U^{\pi}_1(s) = R(s,\pi(s)).

This is easy to understand. If the agent moves only 1 step, we only care about the immediate reward. Given the current state $s$ , the policy chooses action $\pi(s)$ , and the reward is $R(s,\pi(s)).$

For more steps, we can use the recursive update:

U_{k+1}^{\pi} (s) = \underbrace{R(s,\pi(s))}_\text{immediate reward} + \underbrace{\gamma \sum_{s'} T(s' | s,\pi(s)) U_{k}^{\pi}(s')}_\text{discounted future reward}.

^c76ebd

This equation is called the lookahead. Its equivalent julia code is:

function lookahead(𝒫::MDP, U, s, a)
    𝒮, T, R, γ = 𝒫.𝒮, 𝒫.T, 𝒫.R, 𝒫.γ
    return R(s,a) + γ*sum(T(s,a,s′)*U(s′) for s′ in 𝒮)
end
function lookahead(𝒫::MDP, U::Vector, s, a)
    𝒮, T, R, γ = 𝒫.𝒮, 𝒫.T, 𝒫.R, 𝒫.γ
    return R(s,a) + γ*sum(T(s,a,s′)*U[i] for (i,s′) in enumerate(𝒮))
end

Remark

Treating U as a function is closer to the mathematical definition. Treating U as a vector is easier to compute in discrete, finite environments like GridWorld.
In short,

$U$ -as-function is math-friendly.

$U$ -as-vector is implementation-friendly.

After enough iteration, $U^\pi_k$ converges to the value function $U^\pi$ due to contraction mapping(guaranteed to converge). At convergence, the old value and the new value are the same:

U^{\pi} (s) = R(s,\pi(s)) + \gamma \sum_{s'} T(s' | s,\pi(s)) U^{\pi}(s').
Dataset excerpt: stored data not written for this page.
(* A vertex set W of size N = l m with 2^k < m <= 2^(k+1) is
   split into pieces of sizes l (m - m/2) and l (m/2), each partitioned by
   induction, so that every out- and in-neighbourhood inside W is cut
   proportionally up to an error 2 lam, where lam = N s / 3 and
   s = l^(-1/3) 2^(-k/3); this costs 2 s of relative semidegree, and these costs
   add up to the geometric sum of the statement, which is at most 10 l^(-1/3).
   The split comes from the probabilistic method: a random subset containing each
   vertex with probability p = a / N deviates by more than lam from the mean on
   one of the 2 N neighbourhoods or on W itself with probability at most
   (4 N + 2) exp (- N s^2 / 72) by Chernoff bounds, and this is < 1 for l large
   because N s^2 >= (l 2^k)^(1/3); padding or trimming the subset to exactly a
   vertices then moves each count by at most lam. *)

From HB Require Import structures.
From mathcomp Require Import all_boot all_order all_algebra.
From mathcomp Require Import all_classical all_reals all_analysis.
From mathcomp Require Import ring lra zify.
Import Order.TTheory GRing.Theory Num.Theory.
Set Implicit Arguments. Unset Strict Implicit. Unset Printing Implicit Defensive.
Local Open Scope ring_scope.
This equation is called Bellman expectation equation, and its equivalent code is

function iterative_policy_evaluation(𝒫::MDP, π, k_max)
    𝒮, T, R, γ = 𝒫.𝒮, 𝒫.T, 𝒫.R, 𝒫.γ
    U = [0.0 for s in 𝒮]
    for k in 1:k_max
        U = [lookahead(𝒫, U, s, π(s)) for s in 𝒮]
    end
    return U
end

Remark

In many literature, the Bellman equation is loosely called. Depending on the context, it might be referred to

Bellman expectation equation: evaluate a fixed policy $\pi$ . This is for policy evaluation.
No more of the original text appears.